Knife delivery sent us spiraling out of reality and into an uncontrollable trance. We sat silently gazing, locked in a dirty silver stare. Life quickly became less focused on boobs and entirely focused on food. Eww. To his manly surprise, the knife in question was full of funk. That’s right. So dirty is this knife, Hooters makes BJ’s Restaurant & Brewhouse look like a health inspector’s dream.

Exactly what carcass could have possibly called this knife home before making its way through the dishwasher? Granted, the carcass attached to this knife is now clean as a whistle. Having been run through the dishwasher is like giving the carcass a shower. How exciting.

This carcass just so happened to be dark, still wearing an A1 sauce accessory. Snapping out of our shock meant it was time to ask for a new knife, with a super special request that it be clean.

Really? Seriously? I’m sorry and, of course, hate to be a bother, but it would be great if you could put a quick pip in your step and head on back to the kitchen and try again. You know, to the area where you fancy keeping your clean knives.

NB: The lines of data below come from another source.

(* Let $n$ be a positive integer and put $\overline n=2\operatorname{lcm}(1,2,\dots,n)$. Let $M_{\overline n}$ be the least positive integer $M$ such that the set $\pi_{\overline n,M}$ is infinite, and put $\pi_{\overline n}=\pi_{\overline n,M_{\overline n}}$. Let $r\in\pi_{\overline n}$, and let $G_{n,r}$ be constructed as follows: $R_{n,r}$ is an extraspecial group of order $r^{2n+1}$ and exponent $r$; $A_{n,r}\leqslant\operatorname{Aut}(R_{n,r})$ is a subgroup isomorphic to $Sp_{2n}(r)$ centralizing $Z(R_{n,r})$; $X_{n,r}=R_{n,r}A_{n,r}$ is the natural semidirect product; $p$ is a prime with $p\equiv1\pmod r$; $V_{n,r}$ is a faithful irreducible $\mathbb{F}_pX_{n,r}$-module of dimension $r^n$; and $G_{n,r}=V_{n,r}X_{n,r}$ is the natural semidirect product. Then the $c$-dimension of $G_{n,r}$ does not exceed $2\left((n+1)^2+nM_{\overline n}\right)$.
   Context: For a positive integer $m$, $\Omega(m)$ is the number of prime divisors of $m$ counted with multiplicity. For positive integers $n,M$, $\pi_{n,M}=\{r\mid r\text{ is an odd prime and }\Omega(r^n-1)\leqslant M\}$; it is known that for each $n$ some $\pi_{n,M}$ is infinite, so $M_{\overline n}$ is well defined. The $c$-dimension of a group $G$ is the maximal length $k$ of a chain of nested centralizers $C_G(Y_0)<C_G(Y_1)<\dots<C_G(Y_k)$ (strict inclusions) of subsets $Y_i\subseteq G$. *)

From mathcomp Require Import all_boot all_order all_algebra all_fingroup all_solvable.
Set Implicit Arguments. Unset Strict Implicit. Unset Printing Implicit Defensive.
Import GRing.Theory.

Definition Omega (m : nat) : nat := \sum_(q <- primes m) logn q m.

Definition pi_set (N M : nat) : pred nat :=
  fun r => [&& odd r, prime r & Omega (r ^ N - 1) <= M].

Definition infinite_pred (P : pred nat) : Prop :=
  forall b : nat, exists r, b < r /\ P r.

Definition nbar (n : nat) : nat := 2 * \big[lcmn/1]_(1 <= i < n.+1) i.

Definition is_M_bar (N M : nat) : Prop :=
  0 < M /\ infinite_pred (pi_set N M) /\
  (forall M', 0 < M' < M -> ~ infinite_pred (pi_set N M')).

(* standard alternating form J = [[0, I_n], [-I_n, 0]] over F_r,
   as a (2n) x (2n) matrix (size written (2*n).-1.+1 as required by 'GL). *)
Definition sympJ (n r : nat) : 'M['F_r]_((2 * n).-1.+1) :=
  \matrix_(i, j) (if (i < n) && (j == i + n :> nat) then 1%R
                  else if (n <= i) && (i == j + n :> nat) then (-1)%R else 0%R).

Definition Sp (n r : nat) : {set {'GL_(2 * n)['F_r]}} :=
  [set g : {'GL_(2 * n)['F_r]} |
     ((GLval g) *m sympJ n r *m (GLval g)^T == sympJ n r)%R].

Local Open Scope group_scope.
Definition centralizer_chain (gT : finGroupType) (G : {set gT}) (k : nat)
  (Y : nat -> {set gT}) : Prop :=
  (forall i, i <= k -> Y i \subset G) /\
  (forall i, i < k -> 'C_G(Y i) \proper 'C_G(Y i.+1)).

Definition c_dim_le (gT : finGroupType) (G : {set gT}) (B : nat) : Prop :=
  forall k Y, @centralizer_chain gT G k Y -> k <= B.

(* Let V be an abelian normal subgroup of G. Along a chain of centralizers
   C_G(Y_0) < C_G(Y_1) < ..., the images in G/V of the centralizers C_i grow and
   those of the double centralizers C_G(C_i) shrink, and at every step one of
   them changes strictly: otherwise an element of C_(i+1) is an element of C_i
   times an element w of V, and w commutes with Y_i because every y in Y_i lies,
   modulo the abelian V, in C_G(C_(i+1)). Measuring subgroups of G/V by the
   number Omega of prime factors of their orders, every chain has length at
   most 2 Omega|G/V|. For G = V X this is 2 (2n + 1 + Omega|Sp_2n(r)|).
   Counting symplectic bases one hyperbolic pair at a time gives
   |Sp_2n(r)| = prod_(k=1..n) (r^2k - 1) r^(2k-1); each r^2k - 1 divides
   r^nbar - 1, which has at most M prime factors, so Omega|Sp_2n(r)| <= n^2 + n M. *)

From mathcomp Require Import all_boot all_order all_algebra all_fingroup all_solvable.
From mathcomp Require Import zify.
Set Implicit Arguments. Unset Strict Implicit. Unset Printing Implicit Defensive.
Import GRing.Theory.

Lemma sum_logn_Omega (m : nat) (s : seq nat) :
  0 < m -> uniq s -> {subset primes m <= s} -> \sum_(q <- s) logn q m = Omega m.
Proof.
move=> m_gt0 s_uniq sub_ms; rewrite /Omega (bigID (mem (primes m))) /=.
rewrite [X in _ + X]big1 ?addn0; last first.
  by move=> q /negbTE q_m; apply/eqP; rewrite -leqn0 leqNgt logn_gt0 q_m.
rewrite -big_filter; apply/perm_big/uniq_perm; rewrite ?filter_uniq ?primes_uniq //.
by move=> q; rewrite mem_filter andb_idr // => /sub_ms.
Qed.

Lemma Omega1 : Omega 1 = 0.
Proof. by rewrite /Omega big_nil. Qed.

Lemma OmegaM a b : 0 < a -> 0 < b -> Omega (a * b) = Omega a + Omega b.
Proof.
move=> a_gt0 b_gt0; have ab_gt0 : 0 < a * b by rewrite muln_gt0 a_gt0.
have sub_ab c : c %| a * b -> {subset primes c <= primes (a * b)}.
  by move=> c_ab q; rewrite !mem_primes ab_gt0 => /and3P[-> _ /dvdn_trans->].
rewrite -(sum_logn_Omega a_gt0 (primes_uniq _) (sub_ab a (dvdn_mulr _ (dvdnn a)))).
rewrite -(sum_logn_Omega b_gt0 (primes_uniq _) (sub_ab b (dvdn_mull _ (dvdnn b)))).
by rewrite -big_split; apply: eq_bigr => q _; apply: lognM.
Qed.

Lemma dvdn_leq_Omega a b : 0 < b -> a %| b -> Omega a <= Omega b.
Proof.
move=> b_gt0 /dvdnP[c def_b]; move: b_gt0; rewrite def_b muln_gt0 => /andP[c_gt0 a_gt0].
by rewrite OmegaM ?leq_addl.
Qed.

Lemma Omega_pfactor q k : prime q -> Omega (q ^ k) = k.
Proof.
move=> q_pr; elim: k => [|k IHk]; first by rewrite expn0 Omega1.
rewrite expnS OmegaM ?expn_gt0 ?prime_gt0 // IHk /Omega primes_prime //.
by rewrite big_seq1 logn_prime ?eqxx.
Qed.

Lemma Omega_gt0 a : 1 < a -> 0 < Omega a.
Proof.
move=> a_gt1; have [q q_pr q_a] := pdivP a_gt1.
have q_primes : q \in primes a by rewrite mem_primes q_pr q_a ltnW.
rewrite /Omega (bigD1_seq q) ?primes_uniq //=.
by rewrite (leq_trans _ (leq_addr _ _)) ?logn_gt0.
Qed.

Lemma Omega_prod (I : eqType) (s : seq I) (F : I -> nat) :
  (forall i, i \in s -> 0 < F i) -> Omega (\prod_(i <- s) F i) = \sum_(i <- s) Omega (F i).
Proof.
elim: s => [|i s IHs] F_gt0; first by rewrite !big_nil Omega1.
have F_s j : j \in s -> 0 < F j by move=> s_j; rewrite F_gt0 // inE s_j orbT.
rewrite !big_cons OmegaM ?IHs ?F_gt0 ?mem_head //.
by rewrite big_seq prodn_cond_gt0.
Qed.

Lemma Omega_cardSg (gT : finGroupType) (H K : {group gT}) :
  H \subset K -> Omega #|H| <= Omega #|K|.
Proof. by move=> sHK; rewrite dvdn_leq_Omega ?cardG_gt0 ?cardSg. Qed.

Lemma Omega_card_proper (gT : finGroupType) (H K : {group gT}) :
  H \proper K -> Omega #|H| < Omega #|K|.
Proof.
move=> ltHK; have sHK := proper_sub ltHK.
rewrite -(Lagrange sHK) OmegaM ?cardG_gt0 // -addn1 leq_add2l Omega_gt0 //.
by rewrite indexg_gt1 (proper_subn ltHK).
Qed.

Section CentralizerChains.
Local Open Scope group_scope.
Variables (gT : finGroupType) (G V : {group gT}).
Hypotheses (nsVG : V <| G) (abV : abelian V).

Lemma cent_eq_mod_abelian (Y Z : {set gT}) :
    Y \subset G -> 'C_G(Y) \subset 'C_G(Z) ->
    'C_G(Z) / V \subset 'C_G(Y) / V ->
    'C_G('C_G(Y)) / V \subset 'C_G('C_G(Z)) / V ->
  'C_G(Y) = 'C_G(Z).
Proof.
move=> sYG sCYZ sCZY sDYZ; have [sVG nVG] := andP nsVG.
have nVC (A : {set gT}) : 'C_G(A) \subset 'N(V) := subset_trans (subsetIl _ _) nVG.
apply/eqP; rewrite eqEsubset sCYZ /=; apply/subsetP => c cCZ.
move: sCZY; rewrite quotientSK // => /subsetP/(_ c cCZ)/mulsgP[w d wV dCY def_c].
rewrite def_c in cCZ *.
rewrite groupM // inE (subsetP sVG w wV) /=.
have wCZ : w \in 'C_G(Z) by rewrite -(mulgK d w) groupM ?groupV // (subsetP sCYZ).
apply/centP => y yY; have yDY : y \in 'C_G('C_G(Y)).
  by rewrite inE (subsetP sYG) //=; apply/centP => x /setIP[_ /centP/(_ y yY)].
move: sDYZ; rewrite quotientSK // => /subsetP/(_ y yDY)/mulsgP[u e uV eDZ ->].
apply: commuteM; first exact: (centsP abV).
by move: eDZ => /setIP[_ /centP/(_ w wCZ)].
Qed.
Theorem lemma4p4 (n : nat) (Bs : R)
  (HBpos : 0 < Bs)
  (HBzero : Bfun n Bs = 0)
  (HBuniq : forall B, 0 < B -> Bfun n B = 0 -> B = Bs)
  (t x : R) (Ht0 : 0 <= t) (Ht1 : t < 1) :
  Jstar n Bs t x >= g n Bs t x.
Proof.
  destruct (Rlt_dec (Rabs x) (Bs * sqrt (1 - t))) as [Hx | Hx].
  - apply Rminus_ge, Rle_ge.
    rewrite (Jstar_sub_g n Bs t x Ht1 Hx).
    set (s := sqrt (1 - t)); set (z := Rabs x / s); set (m := (2 * n + 1)%nat).
    assert (Hs : 0 < s) by (apply sqrt_lt_R0; lra).
    assert (Hz : 0 <= z <= Bs).
    { unfold z; split.
      - apply Rdiv_le_0_compat; [apply Rabs_pos | exact Hs].
      - apply Rle_div_l; [exact Hs | fold s in Hx; lra]. }
    pose proof (pow_div_F_le_at_Bs n Bs HBpos HBuniq z Hz) as Hmax; fold m in Hmax.
    assert (HFz : 0 < F m z) by (apply F_pos; unfold m; lia).
    apply Rmult_le_pos; [apply pow_le; lra |].
    assert (z ^ m <= Bs ^ m / F m Bs * F m z).
    { replace (z ^ m) with (z ^ m / F m z * F m z) by (field; lra).
      apply Rmult_le_compat_r; lra. }
    lra.
  - unfold Jstar; destruct (Rlt_dec _ _); [contradiction | apply Rle_refl].
Qed.
Section Blocks.
Variables (B : algebra ar) (phi : B -> B -> Prop).
Hypothesis phi_cong : congruence phi.
Hypothesis blocks_Vt : forall a, exists H : Defs.closed (phi a), Vt (subalg H).

Lemma tbin_block (x y : B) : phi y x -> tbin x y = x.
Proof.
move=> yx; have [H Vt_block] := blocks_Vt y.
have y_y : phi y y by case: phi_cong.
pose w n : subalg H := if n == 0 then exist _ x yx else exist _ y y_y.
have := Vt_t Vt_block w; move/(f_equal (@proj1_sig _ _)); rewrite !eval_subalg.
apply: eq_trans; rewrite /tbin; congr eval; apply: functional_extensionality => n.
by rewrite /w; case: (n == 0).
Qed.

Lemma block_identity s u (q : B) (v : nat -> B) :
  SigV s u -> (forall n, occurs n s \/ occurs n u -> phi q (v n)) ->
  eval v s = eval v u.
Proof.
move=> Sig_su qv; have [H /defVt /Mod_subalgP Vt_block] := blocks_Vt q.
pose w n := if excluded_middle_informative (occurs n s \/ occurs n u)
            then v n else q.
have vw r : (forall n, occurs n r -> occurs n s \/ occurs n u) ->
    eval v r = eval w r.
  move=> r_su; apply: eq_eval_occurs => n /r_su occ_n.
  by rewrite /w; case: excluded_middle_informative.
rewrite (vw s (fun n occ_n => or_introl occ_n)).
rewrite (vw u (fun n occ_n => or_intror occ_n)).
apply: Vt_block => // n; rewrite /w {vw}.
case: excluded_middle_informative => [occ_n|_] /=; first exact: qv.
by case: phi_cong.
Qed.

End Blocks.

Variable W : algclass ar.
Let K := malcev_rel Vt W.

Lemma theory_tbin_regular r1 r2 :
  regular r1 r2 -> theory K (tbin_term r1 r2) r1.
Proof.
move=> reg B [_ [phi [phi_cong /Svar_quotientP S_phi blocks]]] v.
rewrite eval_tbin_term; apply: (tbin_block phi_cong blocks).
by case: phi_cong (S_phi phi_cong r1 r2 reg v) => _ phi_sym _ _ /phi_sym.
Qed.

Definition block_subst (s u : term ar) (n : nat) : term ar :=
  tbin_term (Var n) (tbin_term s u).

Lemma theory_block_subst s u :
  SigV s u -> theory K (subst (block_subst s u) s) (subst (block_subst s u) u).
Proof.
move=> Sig_su B [_ [phi [phi_cong /Svar_quotientP S_phi blocks]]] v.
rewrite !eval_subst; apply: (block_identity phi_cong blocks Sig_su) => n occ_n.
have reg : regular (tbin_term s u) (block_subst s u n).
  move=> m; rewrite !occurs_tbin_term /=.
  by split=> [|[->|]]; [right | | ].
exact: S_phi phi_cong _ _ reg v.
Qed.

Section ModelsOfTheory.
Variable A : algebra ar.
Hypothesis ModA : Mod (theory K) A.

Definition tkernel (x y : A) : Prop := tbin x y = x /\ tbin y x = y.

Lemma tkernel_regular r1 r2 :
  regular r1 r2 -> forall v, tkernel (eval v r1) (eval v r2).
Proof.
move=> reg v; have reg' : regular r2 r1 by move=> n; split; apply reg.
have := ModA (theory_tbin_regular reg) v; have := ModA (theory_tbin_regular reg') v.
by rewrite !eval_tbin_term.
Qed.

Lemma tkernel_refl x : tkernel x x.
Proof. exact: (@tkernel_regular (Var 0) (Var 0) (fun n => conj id id) (fun=> x)). Qed.

Lemma tkernel_sym x y : tkernel x y -> tkernel y x.
Proof. by case. Qed.

(* t(x0, t(x1, x2)) = t(x2, t(x1, x0)) is regular; at x θ y θ z its two
   sides reduce to t(x, z) and t(z, x). *)
Lemma tkernel_trans x y z : tkernel x y -> tkernel y z -> tkernel x z.
Proof.
move=> [xy yx] [yz zy].
pose v n := if n == 0 then x else if n == 1 then y else z.
have reg : regular (tbin_term (Var 0) (tbin_term (Var 1) (Var 2)))
                   (tbin_term (Var 2) (tbin_term (Var 1) (Var 0))).
  by move=> m; rewrite !occurs_tbin_term /=; tauto.
by have := tkernel_regular reg v; rewrite !eval_tbin_term /= yz xy yx zy.
Qed.

(* Argument i of o is coded by x_i and x_(ar o + i), so that the regular
   identity o(t(x_i, x_(ar o + i)))_i = o(t(x_(ar o + i), x_i))_i applies. *)
Lemma tkernel_compat o (a b : 'I_(ar o) -> A) :
  (forall i, tkernel (a i) (b i)) -> tkernel (op a) (op b).
Proof.
move=> ab.
pose v n := if insub n is Some i then a i
            else if insub (n - ar o) is Some j then b j else op a.
have va (i : 'I_(ar o)) : v i = a i by rewrite /v valK.
have vb (i : 'I_(ar o)) : v (ar o + i) = b i.
  by rewrite /v insubF ?addKn ?valK // ltnNge leq_addr.
have reg : regular (@App _ ar o (fun i => tbin_term (Var i) (Var (ar o + i))))
                   (@App _ ar o (fun i => tbin_term (Var (ar o + i)) (Var i))).
  by move=> m /=; split=> -[i]; exists i; move: p; rewrite !occurs_tbin_term /=; tauto.
have ev_a : (fun i : 'I_(ar o) => eval v (tbin_term (Var i) (Var (ar o + i)))) = a.
  by apply: functional_extensionality => i; rewrite eval_tbin_term /= va vb; case: (ab i).
have ev_b : (fun i : 'I_(ar o) => eval v (tbin_term (Var (ar o + i)) (Var i))) = b.
  by apply: functional_extensionality => i; rewrite eval_tbin_term /= va vb; case: (ab i).
by have := tkernel_regular reg v; rewrite /= ev_a ev_b.
Qed.

Lemma tkernel_congruence : congruence tkernel.
Proof.
split; [exact: tkernel_refl | exact: tkernel_sym | exact: tkernel_trans
       | exact: tkernel_compat].
Qed.

Hypothesis ar_gt0 : forall o, 0 < ar o.

(* The regular identity x0 = o(x0, ..., x0) needs o to have an argument. *)
Lemma tkernel_closed (a : A) : Defs.closed (tkernel a).
Proof.
move=> o args a_args.
have reg : regular (Var 0) (@App _ ar o (fun=> Var 0)).
  by move=> m /=; split=> [->|[]//]; exists (Ordinal (ar_gt0 o)).
apply: tkernel_trans (tkernel_regular reg (fun=> a)) _.
exact: tkernel_compat.
Qed.

Lemma tkernel_block_Vt a : Vt (subalg (@tkernel_closed a)).
Proof.
apply/defVt/Mod_subalgP => s u Sig_su v a_v.
have := ModA (theory_block_subst Sig_su) v; rewrite !eval_subst.
suff -> : (fun n => eval v (block_subst s u n)) = v by [].
apply: functional_extensionality => n; rewrite eval_tbin_term /=.
have a_su := closed_eval (tbin_term s u) (@tkernel_closed a) a_v.
by case: (tkernel_trans (tkernel_sym (a_v n)) a_su).
Qed.

Lemma malcev_of_theory : is_variety W -> K A.
Proof.
move=> varW; split; first by apply: Mod_theory_sub varW ModA => B [].
exists tkernel; split; first exact: tkernel_congruence.
  by apply/Svar_quotientP; [exact: tkernel_congruence | exact: tkernel_regular].
by move=> a; exists (@tkernel_closed a); apply: tkernel_block_Vt.
Qed.

End ModelsOfTheory.

End TwoVariableTerm.

Theorem corollary5p5 (Op : Type) (ar : Op -> nat)
  (Hnonullary : forall o : Op, 0 < ar o)
  (Hplural : exists o : Op, 2 <= ar o)
  (Vt W : algclass ar) :
  is_variety Vt ->
  (exists t : term ar, in_T2 t /\ forall A, Vt A -> satisfies A t (Var 0)) ->
  is_variety W ->
  is_variety (malcev_rel Vt W).
Proof.
move=> [SigV defVt] [t [t_T2 Vt_t]] varW.
apply: is_variety_theory => A ModA.
exact: (malcev_of_theory t_T2 defVt Vt_t ModA Hnonullary varW).
Qed.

Third time’s a charm?

In no way, none, nada, not at all, is anyone about to imply that Hooters girls are not intelligent. As a previous server slash bartender, it can be stated as fact that a person is NOT THAT SMART if they take one funky knife to the kitchen, only to return with an even funkier knife than before. This stigma is not attached to Hooters employees as a whole, but this one is dumb.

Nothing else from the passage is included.